▶ [Supplied material]:
Lemma parikh_cyclic w M e x :
  M != set0 ->
  (forall m, e <= m -> w m = nth (w m) (enum M) ((m - e) %% #|M|)) ->
  (forall c, c \notin M -> cnt w c e = x c) ->
  parikh w (mask_add x (maskof M)).
Proof.
move=> Mne Hper; apply: parikh_masked => [m Hm|a Ha N]; first by rewrite Hper ?nth_enum_mod.
have Mpos : 0 < #|M| by rewrite card_gt0.
have Hidx : index a (enum M) < #|M| by rewrite cardE index_mem mem_enum.
exists (e + (N * #|M| + index a (enum M))).
  by rewrite addnCA (leq_trans (leq_pmulr N Mpos)) ?leq_addr.
by rewrite Hper ?leq_addr // addKn modnMDl modn_small // nth_index ?mem_enum.
Qed.

Definition lasso (a0 : Sigma) (u E : seq Sigma) : oword Sigma :=
  fun n => if n < size u then nth a0 u n else nth a0 E ((n - size u) %% size E).

Lemma mkseq_lasso a0 u E : mkseq (lasso a0 u E) (size u) = u.
Proof.
apply: (eq_from_nth (x0 := a0)); rewrite size_mkseq // => i Hi.
by rewrite nth_mkseq // /lasso Hi.
Qed.

Lemma lasso_suffix a0 u E m :
  size u <= m -> lasso a0 u E m = nth a0 E ((m - size u) %% size E).
Proof. by rewrite /lasso ltnNge => ->. Qed.

End MaskedParikh.

Lemma Jclosure_parikh (Sigma : finType) (A : automaton Sigma) v :
  (exists w, Jclosure A w /\ parikh w v) <-> exists w, lang A w /\ parikh w v.
Proof.
split=> [[w [[w' [[v' [Hwv' Hw'v']] HL]] Hwv]]|[w [HL Hwv]]].
  by exists w'; split; rewrite // (parikh_uniq Hwv Hwv').
by exists w; split=> //; exists w; split=> //; exists v.
Qed.

Section PowersetAutomaton.
Variables (Sigma Q : finType) (step : Q -> Sigma -> Q -> bool) (I F : {set Q}).

Fixpoint reads (q : Q) (s : seq Sigma) (q' : Q) : Prop :=
  if s is a :: s' then exists2 q1, step q a q1 & reads q1 s' q' else q = q'.

Lemma reads_cat q s1 s2 q' :
  reads q (s1 ++ s2) q' <-> exists2 q1, reads q s1 q1 & reads q1 s2 q'.
Proof.
elim: s1 q => [|a s1 IH] q /=; first by split=> [H|[_ <-]] //; exists q.
split=> [[q1 Hs /IH[q2 H1 H2]]|[q2 [q1 Hs H1] H2]].
  by exists q2 => //; exists q1.
by exists q1 => //; apply/IH; exists q2.
Qed.

Definition reachable (s : seq Sigma) (q : Q) := exists2 q0, q0 \in I & reads q0 s q.

Lemma reachable_nil q : reachable [::] q <-> q \in I.
Proof. by split=> [[q0 Hq0 <-]|Hq] //; exists q. Qed.

Lemma reachable_rcons s a q :
  reachable (rcons s a) q <-> exists2 q1, reachable s q1 & step q1 a q.
Proof.
rewrite /reachable -cats1; split=> [[q0 Hq0 /reads_cat[q1 H1 [q2 H2 <-]]]|].
  by exists q1 => //; exists q0.
by move=> [q1 [q0 Hq0 H1] H2]; exists q0 => //; apply/reads_cat; exists q1 => //; exists q.
Qed.

Lemma reachable_cat s1 s2 q1 q :
  reachable s1 q1 -> reads q1 s2 q -> reachable (s1 ++ s2) q.
Proof. by move=> [q0 Hq0 H1] H2; exists q0 => //; apply/reads_cat; exists q1. Qed.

▶ [Exercise description]: Give the data again exactly, line for line.

▶ [Answer section]:
Lemma parikh_cyclic w M e x :
  M != set0 ->
  (forall m, e <= m -> w m = nth (w m) (enum M) ((m - e) %% #|M|)) ->
  (forall c, c \notin M -> cnt w c e = x c) ->
  parikh w (mask_add x (maskof M)).
Proof.
move=> Mne Hper; apply: parikh_masked => [m Hm|a Ha N]; first by rewrite Hper ?nth_enum_mod.
have Mpos : 0 < #|M| by rewrite card_gt0.
have Hidx : index a (enum M) < #|M| by rewrite cardE index_mem mem_enum.
exists (e + (N * #|M| + index a (enum M))).
  by rewrite addnCA (leq_trans (leq_pmulr N Mpos)) ?leq_addr.
by rewrite Hper ?leq_addr // addKn modnMDl modn_small // nth_index ?mem_enum.
Qed.

Definition lasso (a0 : Sigma) (u E : seq Sigma) : oword Sigma :=
  fun n => if n < size u then nth a0 u n else nth a0 E ((n - size u) %% size E).

Lemma mkseq_lasso a0 u E : mkseq (lasso a0 u E) (size u) = u.
Proof.
apply: (eq_from_nth (x0 := a0)); rewrite size_mkseq // => i Hi.
by rewrite nth_mkseq // /lasso Hi.
Qed.

Lemma lasso_suffix a0 u E m :
  size u <= m -> lasso a0 u E m = nth a0 E ((m - size u) %% size E).
Proof. by rewrite /lasso ltnNge => ->. Qed.

End MaskedParikh.

Lemma Jclosure_parikh (Sigma : finType) (A : automaton Sigma) v :
  (exists w, Jclosure A w /\ parikh w v) <-> exists w, lang A w /\ parikh w v.
Proof.
split=> [[w [[w' [[v' [Hwv' Hw'v']] HL]] Hwv]]|[w [HL Hwv]]].
  by exists w'; split; rewrite // (parikh_uniq Hwv Hwv').
by exists w; split=> //; exists w; split=> //; exists v.
Qed.

Section PowersetAutomaton.
Variables (Sigma Q : finType) (step : Q -> Sigma -> Q -> bool) (I F : {set Q}).

Fixpoint reads (q : Q) (s : seq Sigma) (q' : Q) : Prop :=
  if s is a :: s' then exists2 q1, step q a q1 & reads q1 s' q' else q = q'.

Lemma reads_cat q s1 s2 q' :
  reads q (s1 ++ s2) q' <-> exists2 q1, reads q s1 q1 & reads q1 s2 q'.
Proof.
elim: s1 q => [|a s1 IH] q /=; first by split=> [H|[_ <-]] //; exists q.
split=> [[q1 Hs /IH[q2 H1 H2]]|[q2 [q1 Hs H1] H2]].
  by exists q2 => //; exists q1.
by exists q1 => //; apply/IH; exists q2.
Qed.

Definition reachable (s : seq Sigma) (q : Q) := exists2 q0, q0 \in I & reads q0 s q.

Lemma reachable_nil q : reachable [::] q <-> q \in I.
Proof. by split=> [[q0 Hq0 <-]|Hq] //; exists q. Qed.

Lemma reachable_rcons s a q :
  reachable (rcons s a) q <-> exists2 q1, reachable s q1 & step q1 a q.
Proof.
rewrite /reachable -cats1; split=> [[q0 Hq0 /reads_cat[q1 H1 [q2 H2 <-]]]|].
  by exists q1 => //; exists q0.
by move=> [q1 [q0 Hq0 H1] H2]; exists q0 => //; apply/reads_cat; exists q1 => //; exists q.
Qed.

Lemma reachable_cat s1 s2 q1 q :
  reachable s1 q1 -> reads q1 s2 q -> reachable (s1 ++ s2) q.
Proof. by move=> [q0 Hq0 H1] H2; exists q0 => //; apply/reads_cat; exists q1. Qed.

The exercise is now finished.